== What the task requires ==
Repeat, exactly as written, the line containing "omega_coef (take L w) * c (drop L w)." and each line after it through the end of the data.

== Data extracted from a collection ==
---*---
Lemma cycsum_tmulC (x y : T) w : cycsum (tmul x y) w = cycsum (tmul y x) w.
Proof.
rewrite !cycsum_tmul (reindex_inj rev_ord_inj); apply: eq_bigr => k _ /=.
rewrite subSS -(cycsum_comp_rot _ k); apply: eq_bigr => i _ /=.
move: (rot i w) (size_rot i w) => r size_r.
have size_drop_k : size (drop k r) = (size w - k)%N by rewrite size_drop size_r.
by rewrite /rot -size_drop_k take_size_cat ?drop_size_cat // mulrC.
Qed.

Lemma cyc_zero_cycsum (x : T) : cyc_zero x -> forall w, cycsum x w = 0.
Proof.
move=> [k [u [v [_ hx]]]] w; rewrite /cycsum.
under eq_bigr do rewrite hx.
rewrite exchange_big big1 // => i _.
by rewrite sumrB; have := cycsum_tmulC (u i) (v i) w; rewrite /cycsum => ->; rewrite subrr.
Qed.

Lemma cycsum_tadd (x y : T) w : cycsum (tadd x y) w = cycsum x w + cycsum y w.
Proof. by rewrite /cycsum -big_split. Qed.

End CyclicSums.

Section OmegaPrefix.
Variables (K : fieldType) (g : nat).
Local Notation T := (tensor K g).
Local Notation B := (basis g).
Local Notation s := (@sform K g).

Definition omega_prefix (c : seq B -> K) (L : nat) (w : seq B) : K :=
  omega_coef (take L w) * c (drop L w).

Lemma omega_prefix_pair c L u x y v :
  ~~ odd (size u) -> (size u + 2 <= L)%N ->
  omega_prefix c L (u ++ [:: x, y & v]) =
  s x y * (omega_coef u * omega_prefix c (L - size u - 2) v).
Proof.
move=> even_u le_uL; rewrite /omega_prefix take_cat drop_cat ltnNge.
rewrite (leq_trans (leq_addr 2 _) le_uL) /=.
set k := (L - size u - 2)%N; have -> : (L - size u = k.+2)%N by rewrite /k; lia.
by rewrite /= omega_coef_pair // mulrCA !mulrA.
Qed.

Lemma omega_prefix_repeat c L u z v :
  ~~ odd (size u) -> (size u + 2 <= L)%N ->
  omega_prefix c L (u ++ [:: z, z & v]) = 0.
Proof. by move=> even_u le_uL; rewrite omega_prefix_pair // sform_xx mul0r. Qed.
---*---
== Worked solution ==
  omega_coef (take L w) * c (drop L w).

Lemma omega_prefix_pair c L u x y v :
  ~~ odd (size u) -> (size u + 2 <= L)%N ->
  omega_prefix c L (u ++ [:: x, y & v]) =
  s x y * (omega_coef u * omega_prefix c (L - size u - 2) v).
Proof.
move=> even_u le_uL; rewrite /omega_prefix take_cat drop_cat ltnNge.
rewrite (leq_trans (leq_addr 2 _) le_uL) /=.
set k := (L - size u - 2)%N; have -> : (L - size u = k.+2)%N by rewrite /k; lia.
by rewrite /= omega_coef_pair // mulrCA !mulrA.
Qed.

Lemma omega_prefix_repeat c L u z v :
  ~~ odd (size u) -> (size u + 2 <= L)%N ->
  omega_prefix c L (u ++ [:: z, z & v]) = 0.
Proof. by move=> even_u le_uL; rewrite omega_prefix_pair // sform_xx mul0r. Qed.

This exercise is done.